American Heritage Dictionary of the English Language... Webster’s New World Dictionary of the American Language defines “recreation” as “1. refreshment in body or mind, as after work, by some form of play, amusement, or relaxation 2. any form of play, amusement, or relaxation used for this purpose, as games, sports, hobbies, etc.” Applying this definition, the sports arena portion of the Project, which is primarily intended to serve as the home of the Nets basketball franchise, is a facility designed and intended for recreational purposes, as when sports fans attend a professional basketball game, like any other sporting event, they are engaged in a form of amusement, and the fact they enjoy the amusement offered by these events as spectators does not alter their recreational character.
But it's the "recreational" part, not the private enterprise part, that matters, as she wrote:
Petitioners argue that the arena does meet the UDCA definition of “civic project” since it will be leased to and operated by a private for-profit entity and will have limited availability to civic or community groups.

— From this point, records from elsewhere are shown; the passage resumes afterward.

Definition Gfilt (t : R) : set_system Omega :=
  sjoin Nsys (\bigcap_(s in [set s : R | t < s])
                 sjoin (F s) (sigma_rv (fun w => Order.min (tau w) s%:E))).

(* E is contained in an N-measurable Q-null set; equivalently in a
   (sigma(tau) \/ F_oo)-measurable Q-null set *)
Definition Nnull (E : set Omega) : Prop :=
  exists B, sigma_tau_Finf B /\ Q B = 0%E /\ E `<=` B.

Definition osf (Y : R * Omega -> R) (A : set (R * Omega)) : Prop :=
  exists (Y' : R * Omega -> R) (Y'' : \bar R * (R * Omega) -> R),
    meas_wrt Dom (optional F) Y' /\
    meas_wrt Dom2 (prod_sys (optional F)) Y'' /\
    Nnull [set w | exists t : R, A (t, w) /\
       Y (t, w) <> (if (t%:E < tau w)%E then Y' (t, w)
                    else Y'' (tau w, (t, w)))].

Definition Lo (A : set (R * Omega)) : Prop :=
  optional Gfilt A /\ A `<=` Dom /\
  forall Y : R * Omega -> R, meas_wrt Dom (optional Gfilt) Y -> osf Y A.

Definition stopping_time (H : R -> set_system Omega) (S : Omega -> \bar R) :=
  (forall w, (0 <= S w)%E) /\
  forall t : R, 0 <= t -> H t [set w | (S w <= t%:E)%E].

Definition sys_at_stop (H : R -> set_system Omega) (S : Omega -> \bar R)
  : set_system Omega :=
  [set A | sys_inf H A /\
     forall t : R, 0 <= t -> H t (A `&` [set w | (S w <= t%:E)%E])].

Petitioners, however, acknowledge one of the UDCA’s purposes is, as discussed below, to encourage private participation in civic and other projects, and identify no language in the statute either restricting the type or amount of such private participation, or mandating a certain measure of community access to a privately operated facility. While petitioners rely on a separate law enacted in 1993, which created a “sports facilities assistance program,” NY Session Laws 1993, ch. 258, they point to no language in that law indicating an intent to narrow or amend the broad terms of the UDCA. As determined above, the arena is a facility designed and intended for “recreational purposes,” which falls squarely within the UDCA definition of “civic project.”What about the commitment to community events?
Madden did get to the issue of community use of the arena. She wrote:
For the reasons stated above, the ESDC was not irrational or unreasonable in designating the professional sports arena portion of the Project as a “civic project,” as such interpretation comports with the plain meaning of the UDCA. Notwithstanding this conclusion, the parties acknowledge that throughout this process, Forest City has emphasized its clear commitment to make the arena available, albeit on a limited basis, for community and cultural events. The court recognizes the importance of this commitment and that Forest City is bound to provide meaningful access to the community for use of the arena.The court was way overoptimistic, even foolish, it turns out.

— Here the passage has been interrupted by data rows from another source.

Lemma horner_Pr_cos (t : R) n : cos t != 0 ->
  (Pr n).[(4 * cos t ^+ 2)^-1] * (2 * cos t) ^+ n * sin t = sin (n.+1%:R * t).
Proof.
move=> c0; set x := (4 * cos t ^+ 2)^-1.
have xc : x * (2 * cos t) ^+ 2 = 1.
  by rewrite /x exprMn -natrX mulVf // mulf_neq0 ?pnatr_eq0 // expf_neq0.
suff: (Pr n).[x] * (2 * cos t) ^+ n * sin t = sin (n.+1%:R * t) /\
      (Pr n.+1).[x] * (2 * cos t) ^+ n.+1 * sin t = sin (n.+2%:R * t) by case.
elim: n => [|n [IH1 IH2]].
  rewrite Pr0 Pr1 hornerC !mul1r expr1 mulr2n; split=> //.
  by rewrite [(1 + 1) * t]mulrDl mul1r sinD; ring.
split=> //; rewrite PrSS (mulrC 'X) hornerD hornerN hornerMX.
set a := (Pr n.+1).[x]; set b := (Pr n).[x]; set c2 := 2 * cos t.
have -> : (a - b * x) * c2 ^+ n.+2 * sin t =
    c2 * (a * c2 ^+ n.+1 * sin t) - (x * c2 ^+ 2) * (b * c2 ^+ n * sin t).
  by rewrite !exprS; ring.
rewrite xc mul1r IH1 IH2.
have -> : n.+3%:R * t = n.+2%:R * t + t by rewrite -[n.+3]addn1 natrD mulrDl mul1r.
have -> : n.+1%:R * t = n.+2%:R * t - t by rewrite -[n.+2]addn1 natrD mulrDl mul1r addrK.
rewrite sinB sinD /c2; ring.
Qed.

Lemma sin_nat_pi k : sin (k%:R * pi) = 0 :> R.
Proof.
elim: k => [|k IH]; first by rewrite mul0r sin0.
by rewrite -addn1 natrD mulrDl mul1r sinDpi IH oppr0.
Qed.

Variable m : nat.

Definition theta k : R := k%:R * pi / m.+1%:R.
Definition gam k : R := 4 * cos (theta k) ^+ 2.

Section SmallIndex.
Variable k : nat.
Hypotheses (k_gt0 : (0 < k)%N) (k_le : (k.*2 <= m)%N).

Lemma theta_gt0 : 0 < theta k.
Proof. by rewrite /theta divr_gt0 ?mulr_gt0 ?ltr0n ?pi_gt0. Qed.

Lemma theta_lt_pihalf : theta k < pi / 2.
Proof.
have pi0 : 0 < pi :> R := pi_gt0 R.
rewrite /theta ltr_pdivrMr ?ltr0n //.
have : (k.*2 + 1)%:R <= m.+1%:R :> R by rewrite ler_nat addn1.
rewrite natrD -muln2 natrM; nra.
Qed.

Lemma theta_in_itv : theta k \in `[0, pi].
Proof.
have := theta_lt_pihalf; have := pi_gt0 R.
by rewrite in_itv /= (ltW theta_gt0); lra.
Qed.

Lemma cos_theta_gt0 : 0 < cos (theta k).
Proof.
apply: cos_gt0_pihalf; have := theta_lt_pihalf; have := theta_gt0.
have := pi_gt0 R; lra.
Qed.

Lemma sin_theta_gt0 : 0 < sin (theta k).
Proof. by apply: sin_gt0_pihalf; rewrite theta_gt0 theta_lt_pihalf. Qed.

Lemma gam_gt0 : 0 < gam k.
Proof. by rewrite mulr_gt0 ?ltr0n // exprn_gt0 // cos_theta_gt0. Qed.

Lemma Pr_root_gam : (Pr m).[(gam k)^-1] = 0.
Proof.
have := horner_Pr_cos m (lt0r_neq0 cos_theta_gt0).
rewrite (_ : m.+1%:R * theta k = k%:R * pi); last first.
  by rewrite /theta mulrC divfK ?pnatr_eq0.
rewrite sin_nat_pi => /eqP; rewrite !mulf_eq0 (gt_eqF sin_theta_gt0) expf_eq0.
by rewrite mulf_eq0 (gt_eqF cos_theta_gt0) pnatr_eq0 andbF !orbF => /eqP.
Qed.

End SmallIndex.

Lemma gam_le1 k : (0 < k)%N -> (k.*2 <= m)%N -> gam k <= gam 1.
Proof.
move=> k0 km; have m2 : (1.*2 <= m)%N by lia.
rewrite /gam ler_pM2l ?ltr0n // (ler_pXn2r (isT : (0 < 2)%N)) ?nnegrE;
  try by rewrite ltW ?cos_theta_gt0.
rewrite leNgt ltr_cos ?theta_in_itv // -leNgt /theta.
by rewrite ler_pM2r ?invr_gt0 ?ltr0n // ler_pM2r ?pi_gt0 // ler_nat.
Qed.

Lemma gam_inj i j : (0 < i)%N -> (i.*2 <= m)%N -> (0 < j)%N -> (j.*2 <= m)%N ->
  gam i = gam j -> i = j.
Proof.
have four_neq0 : (4 : R) != 0 by rewrite pnatr_eq0.
move=> i0 im j0 jm /(mulfI four_neq0) /eqP.
rewrite eqrXn2 ?ltW ?cos_theta_gt0 // => /eqP /cos_inj.
move=> /(_ (theta_in_itv i0 im) (theta_in_itv j0 jm)) /mulIf.
rewrite invr_eq0 pnatr_eq0 => /(_ isT) /(mulIf (lt0r_neq0 (pi_gt0 R))) /eqP.
by rewrite eqr_nat => /eqP.
Qed.

Lemma Pr_gt0 j : (2 <= m)%N -> (j < m)%N -> 0 < (Pr j).[(gam 1)^-1].
Proof.
move=> m2 jm; have m1 : (1.*2 <= m)%N by lia.
have c0 := cos_theta_gt0 (ltn0Sn 0) m1.
have : 0 < sin (j.+1%:R * theta 1).
  apply: sin_gt0_pi; rewrite /theta mul1r mulr_gt0 ?divr_gt0 ?ltr0n ?pi_gt0 //=.
  rewrite mulrA ltr_pdivrMr ?ltr0n // mulrC ltr_pM2l ?pi_gt0 // ltr_nat; lia.
rewrite -(horner_Pr_cos _ (lt0r_neq0 c0)) -mulrA pmulr_lgt0 //.
by rewrite mulr_gt0 ?sin_theta_gt0 // exprn_gt0 // mulr_gt0.
Qed.

Lemma mem_iota_half k : k \in iota 1 m./2 -> (0 < k)%N /\ (k.*2 <= m)%N.
Proof.
rewrite mem_iota => /andP [k1 km]; split=> //.
by rewrite -(odd_double_half m) (leq_trans _ (leq_addl _ _)) // leq_double; lia.
Qed.

Lemma size_prod_linear (s : seq R) :
  (size (\prod_(g <- s) (1 - g%:P * 'X))%R <= (size s).+1)%N.
Proof.
elim: s => [|g s IH]; first by rewrite big_nil size_poly1.
rewrite big_cons /= (leq_trans (size_polyMleq _ _)) //.
have : (size (1 - g%:P * 'X)%R <= 2)%N.
  rewrite (leq_trans (size_polyD _ _)) // size_polyN geq_max size_poly1 /=.
  apply: (leq_trans (size_polyMleq _ _)); rewrite size_polyX.
  by have := size_polyC_leq1 g; lia.
set a := size (1 - g%:P * 'X)%R; set b := size (\prod_(j <- s) (1 - j%:P * 'X))%R.
by move: IH; rewrite -/b; lia.
Qed.

(* Both sides have size at most m/2 + 1 and agree at 0 and at the m/2 distinct points
   (gam k)^-1. *)
Lemma Pr_prod : Pr m = \prod_(k <- iota 1 m./2) (1 - (gam k)%:P * 'X).
Proof.
set Pi := \prod_(k <- _) _; apply/eqP; rewrite -subr_eq0; apply/negPn/negP => D0.
pose rs := 0 :: [seq (gam k)^-1 | k <- iota 1 m./2].
have sizeD : (size (Pr m - Pi)%R <= (m./2).+1)%N.
  rewrite (leq_trans (size_polyD _ _)) // size_polyN geq_max.
  rewrite size_map_inj_poly ?size_p //=; last exact: intr_inj.
  have := size_prod_linear [seq gam k | k <- iota 1 m./2].
  by rewrite big_map size_map size_iota; apply.
have rootsD : all (root (Pr m - Pi)) rs.
  rewrite /= rootE !hornerE horner_coef0 coef_map /= p_coef0 rmorph1 horner_prod.
  rewrite big1 ?subrr ?eqxx /=; last by move=> k _; rewrite !hornerE subr0.
  apply/allP => _ /mapP [k /mem_iota_half [k0 km] ->].
  rewrite rootE hornerD hornerN Pr_root_gam // sub0r oppr_eq0 horner_prod.
  rewrite prodf_seq_eq0; apply/hasP; exists k; first by rewrite mem_iota; lia.
  by rewrite !hornerE mulfV ?subrr // lt0r_neq0 // gam_gt0.
have uniq_rs : uniq rs.
  rewrite /= map_inj_in_uniq ?iota_uniq ?andbT.
    apply/mapP => -[k /mem_iota_half [k0 km] /esym/eqP].
    by rewrite invr_eq0 (gt_eqF (gam_gt0 k0 km)).
  move=> i j /mem_iota_half [i0 im] /mem_iota_half [j0 jm] /invr_inj.
  exact: gam_inj.
have := max_poly_roots D0 rootsD uniq_rs.
by rewrite /= size_map size_iota ltnNge sizeD.
Qed.

Lemma Pr_exp_factor s : (2 <= m)%N ->
  exists2 gs, all (fun g => 0 < g <= gam 1) gs &
    Pr m ^+ s.+1 = (1 - (gam 1)%:P * 'X) * \prod_(g <- gs) (1 - g%:P * 'X).
Proof.
move=> m2; set b := gam 1; set Ga := [seq gam k | k <- iota 1 m./2].
have GaP : all (fun g => 0 < g <= b) Ga.
  apply/allP => _ /mapP [k /mem_iota_half [k0 km] ->].
  by rewrite gam_gt0 ?gam_le1.
have PrE : Pr m = \prod_(g <- Ga) (1 - g%:P * 'X) by rewrite big_map Pr_prod.
elim: s => [|s [gs gsP PrsE]].
  exists (rem b Ga); first by apply/allP => g /mem_rem /(allP GaP).
  rewrite expr1 PrE (big_rem b) //; apply: map_f; rewrite mem_iota; lia.
exists (gs ++ Ga); first by rewrite all_cat gsP GaP.
by rewrite exprS mulrC PrsE big_cat mulrA -PrE.
Qed.

End ChebyshevRoots.

Section Subexponential.
Variable R : realType.
Local Open Scope classical_set_scope.

Definition subexponential (G : nat -> R) :=
  (forall n, 1 <= G n) /\ (fun n => G n.+1 / G n) @ \oo --> (1 : R).

Section GeomConv.
Variables (G : nat -> R) (c : R).
Hypotheses (G_ge1 : forall n, 1 <= G n) (c_ge0 : 0 <= c) (c_le1 : c <= 1).

Fixpoint geom_conv n := if n is n'.+1 then G n + c * geom_conv n' else G 0.

Local Notation H := geom_conv.

Lemma geom_conv_ge1 n : 1 <= H n.
Proof.
elim: n => [|n IH] /=; first exact: G_ge1.
have := G_ge1 n.+1; have : 0 <= c * H n by rewrite mulr_ge0 // (le_trans _ IH).
lra.
Qed.

Lemma geom_conv_gt0 n : 0 < H n.
Proof. exact: lt_le_trans (geom_conv_ge1 n). Qed.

Though that commitment was in the CBA, it was either nonbinding or not enforceable. As I wrote in January 2017, all evidence showed that the Community Events program never launched, despite plans to do so. (The executive who claimed it had launched is long gone.)

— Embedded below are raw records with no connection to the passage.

Lemma iter_Fadj_T n g b :
  (m <= size b.2)%N -> iter n (Fadj q) (T g) b = T (iter n (Fadj q) g) b.
Proof.
elim: n b => //= n IHn b mb; rewrite -Fadj_T //.
exact: (eq_adjoint_on (P := fun s => (m <= s)%N) (size_preserving_Fbasis q)).
Qed.

Lemma tail_adj_T s g b :
  (m <= size b.2)%N -> tail_adj q s (T g) b = T (tail_adj q s g) b.
Proof.
elim: s g b => //= c s IHs g b mb; rewrite -tens_adj_T // /tens_adj.
have mb1 : (m <= size (b.2 ++ [:: false]))%N by rewrite size_cat addn1 ltnW.
rewrite -iter_Fadj_T //.
apply: (eq_iter_adjoint_on (P := fun s => (m <= s)%N) _ (size_preserving_Fbasis q)) => //.
by move=> d md; apply: IHs.
Qed.

Lemma iter_tail_adj_T n s g b : (m <= size b.2)%N ->
  iter n (Fadj q) (tail_adj q s (T g)) b = T (iter n (Fadj q) (tail_adj q s g)) b.
Proof.
move=> mb; rewrite -iter_Fadj_T //.
apply: (eq_iter_adjoint_on (P := fun s => (m <= s)%N) _ (size_preserving_Fbasis q)) => //.
by move=> d md; apply: tail_adj_T.
Qed.

End Intertwining.

Lemma split_at2 n (js : seq bool) : (n.+2 <= size js)%N ->
  exists A a b B, size A = n /\ js = A ++ a :: b :: B.
Proof.
move=> njs; exists (take n js).
have : (2 <= size (drop n js))%N by rewrite size_drop; lia.
case E: (drop n js) => [|a [|b B]] // _; exists a, b, B.
by rewrite -E cat_take_drop size_takel //; lia.
Qed.

Lemma split_at n (js : seq bool) : (n <= size js)%N ->
  exists A B, size A = n /\ js = A ++ B.
Proof. by move=> njs; exists (take n js), (drop n js); rewrite cat_take_drop size_takel. Qed.

Section Cap.
Variables (F : fieldType) (q : F).
Hypothesis qdiff : q - q^-1 != 0.
Implicit Types (g : basis -> F).

Local Notation cap_adj n := (adjoint (cap_basis q n)).

Lemma cap_adj_cat n g k A a b B : size A = n ->
  cap_adj n.+1 g (k, A ++ a :: b :: B) = Defs.capv q a b * g (k, A ++ B).
Proof.
move=> An; rewrite /adjoint /cap_basis /vdot big_seq1 /=.
rewrite nth_cat An ltnn subnn nth_cat An ltnNge leqnSn subSnn /=.
rewrite take_size_cat // -[A ++ a :: b :: B]/(A ++ [:: a; b] ++ B) catA.
by rewrite drop_size_cat // size_cat An addn2.
Qed.

Lemma Fadj_cap_adj n g c :
  (n.+2 <= size c.2)%N -> Fadj q (cap_adj n.+1 g) c = cap_adj n.+1 (Fadj q g) c.
Proof.
case: c => k js /= /split_at2[A [a [b [B [An ->]]]]].
rewrite Fadj_E !cap_adj_cat // Fadj_E !raise_sum_cat !raise_sum_cons.
rewrite (@eq_raise_sum _ _ A _ (fun w => Defs.capv q a b * g (k, w ++ B))); last first.
  by move=> w wA; rewrite cap_adj_cat // wA.
have -> : (fun w => cap_adj n.+1 g (k, A ++ a :: b :: w)) =
    (fun w => Defs.capv q a b * g (k, A ++ w)).
  by apply: functional_extensionality => w; rewrite cap_adj_cat.
rewrite !raise_sum_scaler !cap_adj_cat // !Kw_cat !Kw_cons.
by case: a; case: b; rewrite /Defs.capv /=; field; rewrite q_neq0.
Qed.

Lemma tens_adj_cap_adj n g c : (n.+2 <= size c.2)%N ->
  tens_adj false (cap_adj n.+1 g) c = cap_adj n.+1 (tens_adj false g) c.
Proof.
case: c => k js /= /split_at2[A [a [b [B [An ->]]]]].
by rewrite /tens_adj /= -catA /= !cap_adj_cat // catA.
Qed.

(* Only F^(b_i - 1) x (x) v_{1,1} (x) v_{1,0} survives the cap. *)
Lemma tail_adj_cap n bi bj s g c : size c.2 = n ->
  tail_adj q [:: bi, bj & s] (cap_adj n.+1 g) c =
  - q^-1 * qint q bi * iter (bi.-1 + bj) (Fadj q) (tail_adj q s g) c.
Proof.
move=> cn; rewrite /= iter_Fadj_tens0 //.
set G := tens_adj false (iter bj _ _).
have capE j d : size d.2 = n ->
    tens_adj j G d = Defs.capv q j false * iter bj (Fadj q) (tail_adj q s g) d.
  case: d => k w /= wn; rewrite /G /tens_adj /=.
  rewrite (iter_tail_adj_T (@Fadj_cap_adj n) (@tens_adj_cap_adj n)); last first.
    by rewrite /= !size_cat wn !addn1.
  by rewrite -catA /= cap_adj_cat // cats0.
have onN (h1 h2 : basis -> F) m : (forall d, size d.2 = n -> h1 d = h2 d) ->
    iter m (Fadj q) h1 c = iter m (Fadj q) h2 c.
  move=> h12; apply: (eq_iter_adjoint_on (P := fun s => s == n) _ (size_preserving_Fbasis q)).
  - by move=> d /eqP; apply: h12.
  - exact/eqP.
rewrite (onN (tens_adj false G) (fun=> 0)); last by move=> d dn; rewrite capE // mul0r.
rewrite (onN (tens_adj true G) (fun d => - q^-1 * iter bj (Fadj q) (tail_adj q s g) d));
  last by move=> d dn; rewrite capE.
by rewrite iter_adjoint0 iter_adjoint_scaler iterD mulr0 add0r mulrA [qint q bi * _]mulrC.
Qed.

Lemma capi_vrho_cat P bh bi bj s :
  veq (capi q (size P).+1 (vrho q (P ++ [:: bh, bi, bj & s])))
      (vscale (- q^-1 * qint q bi) (vrho q (P ++ (bh + bi + bj).-1 :: s))).
Proof.
apply: veq_vdot => g; rewrite vdot_scale vdot_lin.
rewrite -(cat_rcons bh) -(cat_rcons (_.-1)) !vrho_cat -?size_eq0 ?size_rcons // !vdot_foldl_attach.
rewrite (eq_vdot_vrho q (h := fun c => - q^-1 * qint q bi *
    iter (bi.-1 + bj) (Fadj q) (tail_adj q s g) c)); last first.
  by move=> c; rewrite size_rcons => cn; apply: tail_adj_cap.
rewrite vdot_scaler -vdot_iter_Fop -vrho_rcons_add.
by case: bi => [|bi]; rewrite ?qint0 ?mulr0 ?mul0r // addnS addSn /= addnA.
Qed.

Lemma capi_vrho r rho i :
  size rho = r.+1 -> (2 <= r)%N -> (1 <= i <= r - 1)%N ->
  veq (capi q i (vrho q rho))
      (vscale (- q^-1 * qint q (nth 0%N rho i))
         (vrho q (take i.-1 rho ++
            (nth 0%N rho i.-1 + nth 0%N rho i + nth 0%N rho i.+1).-1 :: drop i.+2 rho))).
Proof.
move=> rho_r _ /andP[]; case: i => [|n] // _ nr /=.
have [n0 n1 n2] : [/\ n < size rho, n.+1 < size rho & n.+2 < size rho]%N.
  by rewrite rho_r; split; lia.
have := capi_vrho_cat (take n rho) (nth 0%N rho n) (nth 0%N rho n.+1)
  (nth 0%N rho n.+2) (drop n.+3 rho).
by rewrite (size_takel (ltnW n0)) -!drop_nth // cat_take_drop.
Qed.

End Cap.

Section Cup.
Variables (F : fieldType) (q : F).
Hypothesis qdiff : q - q^-1 != 0.
Implicit Types (g : basis -> F).

Local Notation cup_adj n := (adjoint (cup_basis q n)).

Lemma cup_adj_cat n g k A B : size A = n ->
  cup_adj n.+1 g (k, A ++ B) =
  - q * g (k, A ++ [:: false, true & B]) + g (k, A ++ [:: true, false & B]).
Proof.
move=> An; rewrite /adjoint /cup_basis !vdot_cons /vdot big_nil addr0 mul1r /=.
by rewrite take_size_cat // drop_size_cat.
Qed.

Lemma Fadj_cup_adj n g c :
  (n <= size c.2)%N -> Fadj q (cup_adj n.+1 g) c = cup_adj n.+1 (Fadj q g) c.
Proof.
case: c => k js /= /split_at[A [B [An ->]]].
rewrite Fadj_E !cup_adj_cat // !Fadj_E !raise_sum_cat !raise_sum_cons /=.
rewrite (@eq_raise_sum _ _ A _ (fun w => - q * g (k, w ++ [:: false, true & B]) +
    g (k, w ++ [:: true, false & B]))); last by move=> w wA; rewrite cup_adj_cat // wA.
have -> : (fun w => cup_adj n.+1 g (k, A ++ w)) = (fun w =>
    - q * g (k, A ++ [:: false, true & w]) + g (k, A ++ [:: true, false & w])).
  by apply: functional_extensionality => w; rewrite cup_adj_cat.
rewrite !raise_sumD !raise_sum_scaler !Kw_cat !Kw_cons /=.
by field; rewrite q_neq0.
Qed.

Madden's previous passage led to a footnote that must have seemed reassuring at the time:
Petitioners contend that the ESDC has not explained the extent to which or on what terms the arena will be made available to community groups. Citing to a report prepared by an outside accounting firm, KPMG, LLP, petitioners assert that the cost of using the arena will exceed $100,000, which includes a base rental of $62,000 and expenses of $41,000. Although not argued by petitioner, the court notes that the report states that this estimate appears to be “high.” Furthermore, it is unclear whether this is the rate that would be applicable to community groups. As indicated above, the “civic benefits” identified in the FEIS explicitly state the arena will be available for use by community groups “at a reasonable cost (generally the cost of operation).” While at this stage of the Project nothing definitive exists as to rental cost to community groups, respondents have made a clear commitment to make the arena available to community groups at a “reasonable cost.”Actually, and as proven in hindsight, the evidence of the clear commitment was pretty thin.